** Opening Dataset records block **

(* Let $p$ be an odd prime and let $\mathcal T(\mathbf a)$, $\mathbf a=(a_1,\dots,a_k)$ with $k\ge 4$ and $\gcd(a_1,\dots,a_k)=1$, be a regular triangular form which is $p$-unstable. Then $\lambda_p(\mathcal T(\mathbf a))$ is also regular.
   Context: For positive integers $c_1,\dots,c_k$, $\mathcal T(c_1,\dots,c_k)=\sum c_i\,x_i(x_i+1)/2$. A nonnegative integer $n$ is represented if the equation $\mathcal T(\mathbf c)=n$ has a solution in $\mathbb Z^k$, and locally represented if it has a solution in $\mathbb Z_q^k$ for every prime $q$; the form is regular if it represents every positive integer it locally represents. For an odd prime $p$, $\overline{DQ_p(\mathbf c)}=\{\gamma\in\mathbb Z_p:\gamma=\sum c_iy_i^2,\ y_i\in\mathbb Z_p\}$, and $\mathcal T(\mathbf c)$ is $p$-unstable if $\overline{DQ_p(\mathbf c)}\ne\mathbb Z_p$. For primitive $\mathbf a=(a_1,\dots,a_k)$ and odd prime $p$, let $s_i=0$ if $p\mid a_i$ and $s_i=2$ otherwise, let $s=\min_i \mathrm{ord}_p(p^{s_i}a_i)\in\{1,2\}$, and define $\lambda_p(\mathcal T(\mathbf a))=\mathcal T(p^{s_1-s}a_1,\dots,p^{s_k-s}a_k)$. *)

From mathcomp Require Import all_boot all_order all_algebra.
Set Implicit Arguments. Unset Strict Implicit. Unset Printing Implicit Defensive.
Import Order.TTheory GRing.Theory Num.Theory.
Local Open Scope ring_scope.

(* q-adic integers Z_q, realised as the inverse limit of Z/q^e Z:
   a coherent sequence of integer representatives, s (e+1) = s e mod q^e.
   Two such sequences denote the same q-adic integer iff they agree mod q^e
   for every e; equalities in Z_q are therefore stated level-wise. *)
Record padic (q : nat) := Padic {
  pseq : nat -> int;
  pseq_coh : forall e : nat, (pseq e.+1 = pseq e %[mod (q ^ e)%N%:Z])%Z }.

Definition tri (x : int) : int := ((x * (x + 1)) %/ 2)%Z.

Definition triform (k : nat) (c : 'I_k -> nat) (x : 'I_k -> int) : int :=
  \sum_(i < k) (c i)%:Z * tri (x i).

Definition represented (k : nat) (c : 'I_k -> nat) (n : nat) : Prop :=
  exists x : 'I_k -> int, triform c x = n%:Z.

(* n is represented by T(c) over Z_q.  Since 2 is a non-zero-divisor in the
   domain Z_q, T(c)(x) = n in Z_q iff sum_i c_i x_i (x_i+1) = 2n in Z_q,
   which is stated level-wise modulo q^e. *)
Definition locally_represented_at (k : nat) (c : 'I_k -> nat) (n q : nat) : Prop :=
  exists x : 'I_k -> padic q, forall e : nat,
    (\sum_(i < k) (c i)%:Z * (pseq (x i) e * (pseq (x i) e + 1))
       = (2 * n)%N%:Z %[mod (q ^ e)%N%:Z])%Z.

Definition locally_represented (k : nat) (c : 'I_k -> nat) (n : nat) : Prop :=
  forall q : nat, prime q -> locally_represented_at c n q.

Definition regular (k : nat) (c : 'I_k -> nat) : Prop :=
  forall n : nat, (0 < n)%N -> locally_represented c n -> represented c n.

Definition in_DQ (p k : nat) (c : 'I_k -> nat) (g : padic p) : Prop :=
  exists y : 'I_k -> padic p, forall e : nat,
    (pseq g e = \sum_(i < k) (c i)%:Z * (pseq (y i) e) ^+ 2 %[mod (p ^ e)%N%:Z])%Z.

Definition p_unstable (p k : nat) (c : 'I_k -> nat) : Prop :=
  exists g : padic p, ~ in_DQ c g.

Definition lam_s (p k : nat) (a : 'I_k -> nat) (i : 'I_k) : nat :=
  if (p %| a i)%N then 0%N else 2%N.

(* s = min_i ord_p(p^{s_i} a_i); the initial value 2 of the fold is harmless
   since ord_p(p^{s_i} a_i) = 2 whenever p does not divide a_i, and for
   primitive a (k >= 1) some a_i is prime to p. *)
Definition lam_smin (p k : nat) (a : 'I_k -> nat) : nat :=
  \big[minn/2%N]_(i < k) logn p (p ^ lam_s p a i * a i).

Definition lambda_coef (p k : nat) (a : 'I_k -> nat) : 'I_k -> nat :=
  fun i => ((p ^ lam_s p a i * a i) %/ p ^ lam_smin p a)%N.

From mathcomp Require Import all_boot all_order all_algebra.
From mathcomp Require Import ring zify.
Import Order.TTheory GRing.Theory Num.Theory.

(** Write [h = (p-1)/2] and [P = p^s].  The substitution [y = p x + h] on the
    coordinates whose coefficient is prime to [p] gives
    [T(a)(y) = P * T(lambda(a))(x) + c] for a constant [c], and it preserves
    representability over every [Z_q]; so a positive [n] locally represented
    by [lambda(a)] yields [P n + c] locally, hence globally, represented by
    [T(a)].  To descend a global solution [y] back to [x] one needs
    [y_i = h (mod p)], i.e. [p | 2 y_i + 1], whenever [p] does not divide
    [a_i].  This is where [p]-instability enters: [p | sum a_i (2 y_i + 1)^2],
    and if a zero of [sum a_i z_i^2] modulo [p] had a unit coordinate with a
    unit coefficient, Hensel's lemma would make [sum a_i y_i^2] cover all
    of [Z_p]. *)

Local Open Scope ring_scope.

Lemma eqz_mod_dvdP (d m n : int) : (m = n %[mod d])%Z <-> (d %| m - n)%Z.
Proof. by rewrite -eqz_mod_dvd; split=> [->|/eqP]. Qed.

Lemma tri_mul2 (x : int) : 2 * tri x = x * (x + 1).
Proof.
rewrite /tri mulrC divzK //.
have := divz_eq x 2; set q := (x %/ 2)%Z; set r := (x %% 2)%Z => ->.
have [-> | ->] : r = 0 \/ r = 1.
  have r_ge0 : 0 <= r by apply: modz_ge0.
  have r_lt2 : r < 2 by apply: ltz_pmod.
  lia.
- have -> : (q * 2 + 0) * (q * 2 + 0 + 1) = q * (q * 2 + 1) * 2 by ring.
  exact: dvdz_mull.
- have -> : (q * 2 + 1) * (q * 2 + 1 + 1) = (q * 2 + 1) * (q + 1) * 2 by ring.
  exact: dvdz_mull.
Qed.

Lemma triform_mul2 k (c : 'I_k -> nat) (x : 'I_k -> int) :
  2 * triform c x = \sum_(i < k) (c i)%:Z * (x i * (x i + 1)).
Proof.
by rewrite /triform mulr_sumr; apply: eq_bigr => i _; rewrite -tri_mul2; ring.
Qed.

Lemma sum_sqr_shift_delta (R : comPzRingType) k (a z : 'I_k -> R) (j : 'I_k) (c : R) :
  \sum_(i < k) a i * (c * z i + (i == j)%:R) ^+ 2 =
  c ^+ 2 * (\sum_(i < k) a i * z i ^+ 2) + c * (2 * a j * z j) + a j.
Proof.
rewrite (eq_bigr (fun i =>
    c ^+ 2 * (a i * z i ^+ 2) + (i == j)%:R * (a i * (2 * c * z i + 1)))); last first.
  by move=> i _; case: (i == j) => /=; ring.
have delta_sum (f : 'I_k -> R) : \sum_(i < k) (i == j)%:R * f i = f j.
  rewrite (bigD1 j) //= eqxx mul1r big1 ?addr0 // => i /negbTE ->.
  by rewrite mul0r.
by rewrite big_split /= -mulr_sumr delta_sum; ring.
Qed.

Section QuadraticHensel.

Variables (p : nat) (Q B A d : int).
Hypotheses (p_gt0 : (0 < p)%N) (p_dvd_Q : (p%:Z %| Q)%Z)
  (Bd_eq1 : (p%:Z %| B * d - 1)%Z).

Let F (c : int) := c ^+ 2 * Q + c * B + A.

(* [d] is an inverse of [F' = B] modulo [p], so each step is a Newton step. *)
Fixpoint hensel_seq (g : nat -> int) (e : nat) : int :=
  if e is e'.+1 then
    let c := hensel_seq g e' in
    c + (p ^ e')%N%:Z * (((g e - F c) %/ (p ^ e')%N%:Z)%Z * d)
  else 0.

Lemma hensel_seq_coh g e :
  ((p ^ e)%N%:Z %| hensel_seq g e.+1 - hensel_seq g e)%Z.
Proof. by rewrite /= addrC addKr dvdz_mulr. Qed.

Lemma hensel_seq_root g :
  (forall e, ((p ^ e)%N%:Z %| g e.+1 - g e)%Z) ->
  forall e, ((p ^ e)%N%:Z %| F (hensel_seq g e) - g e)%Z.
Proof.
move=> g_coh; elim=> [|e IH]; first by rewrite expn0 dvd1z.
rewrite /=; set m := (p ^ e)%N%:Z; set c := hensel_seq g e.
have m_dvd_M : (m %| g e.+1 - F c)%Z.
  have -> : g e.+1 - F c = (g e.+1 - g e) - (F c - g e) by ring.
  by rewrite rpredB.
set M := g e.+1 - F c in m_dvd_M *; set t := (M %/ m)%Z.
have M_eq : M = t * m by rewrite divzK.
have m_neq0 : m != 0 by rewrite /m eqz_nat expn_eq0 negb_and -lt0n p_gt0.
have -> : F (c + m * (t * d)) - g e.+1 =
    m * (t * (B * d - 1) + 2 * c * Q * (t * d) + m * (t * d) ^+ 2 * Q).
  have -> : g e.+1 = F c + M by rewrite /M addrC subrK.
  by rewrite /F M_eq; ring.
rewrite expnS PoszM (mulrC p%:Z) -/m dvdz_mul2l //.
by rewrite !rpredD ?(dvdz_mull _ Bd_eq1) ?(dvdz_mull _ p_dvd_Q) // dvdz_mulr // dvdz_mull.
Qed.

End QuadraticHensel.

Lemma in_DQ_of_isotropic {p k} {a : 'I_k -> nat} {z : 'I_k -> int} {j : 'I_k} :
  prime p -> odd p ->
  (p%:Z %| \sum_(i < k) (a i)%:Z * z i ^+ 2)%Z ->
  ~~ (p %| a j)%N -> ~~ (p%:Z %| z j)%Z ->
  forall g : padic p, in_DQ a g.
Proof.
move=> p_pr p_odd p_dvd_Q p_ndvd_a p_ndvd_z g.
set Q := \sum_(i < k) _ in p_dvd_Q; set B := 2 * (a j)%:Z * z j.
have : coprimez p B.
  rewrite coprimezE /B !abszM /= !coprimeMr coprimen2 p_odd.
  by rewrite !prime_coprime // p_ndvd_a; exact: p_ndvd_z.
case/coprimezP=> [[u d] /= uBd].
have p_dvd_Bd : (p%:Z %| B * d - 1)%Z.
  have -> : B * d - 1 = - (u * p%:Z) by rewrite -uBd; ring.
  by rewrite rpredN dvdz_mull.
have g_coh e := (eqz_mod_dvdP _ _ _).1 (pseq_coh g e).
pose c := hensel_seq p Q B (a j)%:Z d (pseq g).
have y_coh i e : (c e.+1 * z i + (i == j)%:R = c e * z i + (i == j)%:R
                   %[mod (p ^ e)%N%:Z])%Z.
  apply/eqz_mod_dvdP.
  have -> : c e.+1 * z i + (i == j)%:R - (c e * z i + (i == j)%:R) =
    (c e.+1 - c e) * z i by ring.
  exact/dvdz_mulr/hensel_seq_coh.
exists (fun i => Padic (y_coh i)) => e /=; apply/eqz_mod_dvdP.
rewrite sum_sqr_shift_delta -opprB rpredN.
exact: hensel_seq_root (prime_gt0 p_pr) p_dvd_Q p_dvd_Bd (pseq g) g_coh e.
Qed.

Lemma p_unstable_anisotropic {p k} {a : 'I_k -> nat} {z : 'I_k -> int} :
  prime p -> odd p -> p_unstable p a ->
  (p%:Z %| \sum_(i < k) (a i)%:Z * z i ^+ 2)%Z ->
  forall i, ~~ (p %| a i)%N -> (p%:Z %| z i)%Z.
Proof.
move=> p_pr p_odd [g g_notin] p_dvd_Q i p_ndvd_a; apply/contraT => p_ndvd_z.
by exfalso; apply: g_notin; exact: (in_DQ_of_isotropic p_pr p_odd p_dvd_Q p_ndvd_a p_ndvd_z).
Qed.

Lemma sum_shift_tri (R : comPzRingType) k (unit : pred 'I_k) (p h P : R)
    (a b x : 'I_k -> R) :
  p = 2 * h + 1 ->
  (forall i, P * b i = (if unit i then p ^+ 2 * a i else a i)) ->
  let y i := if unit i then p * x i + h else x i in
  \sum_(i < k) a i * (y i * (y i + 1)) =
  P * \sum_(i < k) b i * (x i * (x i + 1)) +
  h * (h + 1) * \sum_(i < k | unit i) a i.
Proof.
move=> -> Pb y; rewrite (big_mkcond unit) !mulr_sumr -big_split /=.
apply: eq_bigr => i _; rewrite [P * _]mulrA Pb /y; case: (unit i); ring.
Qed.

Section LambdaCoef.

Context {p k : nat} {a : 'I_k -> nat}.
Hypotheses (p_pr : prime p) (a_gt0 : forall i, (0 < a i)%N).

Lemma lam_smin_gt0 : (0 < lam_smin p a)%N.
Proof.
apply: (big_ind (fun x => 0 < x)%N) => // [x y x_gt0 y_gt0|i _].
  by rewrite leq_min x_gt0 y_gt0.
rewrite logn_gt0 mem_primes p_pr muln_gt0 expn_gt0 prime_gt0 ?a_gt0 //=.
rewrite /lam_s; case: ifP => [p_dvd_a|_]; first by rewrite mul1n.
by rewrite dvdn_mulr // expnS dvdn_mulr.
Qed.

Lemma lambda_coefE i :
  (p ^ lam_smin p a * lambda_coef p a i)%N =
  if (p %| a i)%N then a i else (p ^ 2 * a i)%N.
Proof.
rewrite mulnC divnK.
  by rewrite /lam_s; case: ifP; rewrite ?mul1n.
rewrite pfactor_dvdn ?muln_gt0 ?expn_gt0 ?(prime_gt0 p_pr) ?a_gt0 //.
by have := bigmin_le 2%N i (fun j => logn p (p ^ lam_s p a j * a j)); rewrite minEnat.
Qed.

End LambdaCoef.

Section LambdaTransfer.

Context {p k : nat} {a : 'I_k -> nat}.
Hypotheses (p_pr : prime p) (p_odd : odd p) (a_gt0 : forall i, (0 < a i)%N).

Let unit i := ~~ (p %| a i)%N.
Let h := p./2.
Let P := (p ^ lam_smin p a)%N%:Z.
Let shift (x : int) := p%:Z * x + h%:Z.

Lemma p_eq_2h1 : p%:Z = 2 * h%:Z + 1.
Proof. by have := odd_double_half p; rewrite p_odd -muln2 /h; lia. Qed.

Lemma lambda_coefZ i :
  P * (lambda_coef p a i)%:Z = if unit i then p%:Z ^+ 2 * (a i)%:Z else (a i)%:Z.
Proof.
rewrite /P -PoszM lambda_coefE // /unit.
by case: (p %| a i)%N; rewrite //= PoszM expr2 -PoszM.
Qed.

Definition lambda_target (n : nat) : nat :=
  (p ^ lam_smin p a * n + (h * (h + 1))./2 * \sum_(i < k | unit i) a i)%N.

Lemma lambda_targetZ n :
  (2 * lambda_target n)%N%:Z =
  P * (2 * n)%N%:Z + h%:Z * (h%:Z + 1) * \sum_(i < k | unit i) (a i)%:Z.
Proof.
have half : (2 * (h * (h + 1))./2 = h * (h + 1))%N.
  have := odd_double_half (h * (h + 1)); rewrite oddM addn1 /= andbN add0n.
  by rewrite -muln2 mulnC.
rewrite /lambda_target mulnDr !mulnA half -(big_morph Posz PoszD (erefl 0%:Z)).
by rewrite /P !(PoszD, PoszM); ring.
Qed.

Lemma lambda_shift_sum (x : 'I_k -> int) :
  \sum_(i < k) (a i)%:Z * ((if unit i then shift (x i) else x i) *
                           ((if unit i then shift (x i) else x i) + 1)) =
  P * \sum_(i < k) (lambda_coef p a i)%:Z * (x i * (x i + 1)) +
  h%:Z * (h%:Z + 1) * \sum_(i < k | unit i) (a i)%:Z.
Proof. exact: sum_shift_tri p_eq_2h1 lambda_coefZ. Qed.

Lemma locally_represented_lambda_target n :
  locally_represented (lambda_coef p a) n -> locally_represented a (lambda_target n).
Proof.
move=> n_loc q /n_loc [x x_rep].
pose y i e := if unit i then shift (pseq (x i) e) else pseq (x i) e.
have y_coh i e : (y i e.+1 = y i e %[mod (q ^ e)%N%:Z])%Z.
  apply/eqz_mod_dvdP; have := (eqz_mod_dvdP _ _ _).1 (pseq_coh (x i) e).
  rewrite /y /shift; case: (unit i) => // x_coh.
  by rewrite opprD addrACA subrr addr0 -mulrBr dvdz_mull.
exists (fun i => Padic (y_coh i)) => e /=; apply/eqz_mod_dvdP.
rewrite lambda_shift_sum lambda_targetZ opprD addrACA subrr addr0 -mulrBr.
exact/dvdz_mull/eqz_mod_dvdP/x_rep.
Qed.

Lemma lambda_target_gt0 n : (0 < n)%N -> (0 < lambda_target n)%N.
Proof. by move=> n_gt0; rewrite addn_gt0 muln_gt0 expn_gt0 prime_gt0 // n_gt0. Qed.

Lemma unit_coord_shift {m : int} {y : 'I_k -> int} :
  p_unstable p a ->
  \sum_(i < k) (a i)%:Z * (y i * (y i + 1)) =
    P * m + h%:Z * (h%:Z + 1) * \sum_(i < k | unit i) (a i)%:Z ->
  forall i, unit i -> (p%:Z %| y i - h%:Z)%Z.
Proof.
move=> a_unstable; set SU := \sum_(i < k | unit i) _ => y_sum.
have p_dvd_P : (p%:Z %| P)%Z by rewrite dvdzE /= dvdn_exp // lam_smin_gt0.
(* [4 y (y + 1) + 1 = (2 y + 1)^2] and [4 h (h + 1) + 1 = p^2]. *)
have p_dvd_sq : (p%:Z %| \sum_(i < k) (a i)%:Z * (2 * y i + 1) ^+ 2)%Z.
  have -> : \sum_(i < k) (a i)%:Z * (2 * y i + 1) ^+ 2 =
      4 * \sum_(i < k) (a i)%:Z * (y i * (y i + 1)) + SU +
      \sum_(i < k | ~~ unit i) (a i)%:Z.
    rewrite /SU mulr_sumr (big_mkcond unit) (big_mkcond (fun i => ~~ unit i)).
    rewrite -!big_split; apply: eq_bigr => i _ /=.
    by case: (unit i); rewrite /=; ring.
  rewrite y_sum.
  have -> : 4 * (P * m + h%:Z * (h%:Z + 1) * SU) + SU =
      P * (4 * m) + p%:Z * (p%:Z * SU) by rewrite p_eq_2h1; ring.
  rewrite !rpredD ?dvdz_mulr ?dvdz_mull //.
  by apply: rpred_sum => i /negPn p_dvd_a; rewrite dvdzE.
move=> i unit_i.
have p_dvd_2y1 := p_unstable_anisotropic p_pr p_odd a_unstable p_dvd_sq i unit_i.
have -> : y i - h%:Z = (h%:Z + 1) * ((2 * y i + 1) - p%:Z) - p%:Z * (y i - h%:Z).
  by rewrite p_eq_2h1; ring.
by rewrite rpredB ?(dvdz_mull _ (rpredB p_dvd_2y1 _)) ?dvdz_mulr.
Qed.

Lemma represented_lambda_of_target n :
  p_unstable p a -> represented a (lambda_target n) ->
  represented (lambda_coef p a) n.
Proof.
move=> a_unstable [y y_rep].
have y_sum : \sum_(i < k) (a i)%:Z * (y i * (y i + 1)) =
    P * (2 * n)%N%:Z + h%:Z * (h%:Z + 1) * \sum_(i < k | unit i) (a i)%:Z.
  by rewrite -triform_mul2 y_rep -lambda_targetZ PoszM.
have y_shift := unit_coord_shift a_unstable y_sum.
pose x i := if unit i then ((y i - h%:Z) %/ p%:Z)%Z else y i.
have yE i : y i = if unit i then shift (x i) else x i.
  rewrite /x /shift; case unit_i: (unit i) => //.
  by rewrite mulrC divzK ?y_shift // subrK.
have P_neq0 : P != 0 by rewrite /P eqz_nat expn_eq0 negb_and -lt0n prime_gt0.
have x_sum := lambda_shift_sum x.
rewrite (eq_bigr (fun i => (a i)%:Z * (y i * (y i + 1)))) in x_sum; last first.
  by move=> i _; rewrite -yE.
rewrite y_sum in x_sum; move/addIr/(mulfI P_neq0): x_sum => x_sum.
by exists x; apply: (@mulfI _ 2) => //; rewrite triform_mul2 -x_sum PoszM.
Qed.

End LambdaTransfer.

Theorem proposition3p6 (p k : nat) (a : 'I_k -> nat) :
  prime p -> odd p -> (4 <= k)%N ->
  (forall i, (0 < a i)%N) ->
  (\big[gcdn/0%N]_(i < k) a i = 1%N) ->
  regular a -> p_unstable p a ->
  regular (lambda_coef p a).
Proof.
move=> p_pr p_odd _ a_gt0 _ a_reg a_unstable n n_gt0 n_loc.
apply: (represented_lambda_of_target p_pr p_odd a_gt0 n a_unstable).
apply: a_reg; first exact: lambda_target_gt0.
exact: (locally_represented_lambda_target p_pr p_odd a_gt0 n n_loc).
Qed.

** Closing Dataset records block **

What to work on: Which lines above hold the string "modulo"? Copy each of them.

Your response:
   which is stated level-wise modulo q^e. *)
    and if a zero of [sum a_i z_i^2] modulo [p] had a unit coordinate with a
(* [d] is an inverse of [F' = B] modulo [p], so each step is a Newton step. *)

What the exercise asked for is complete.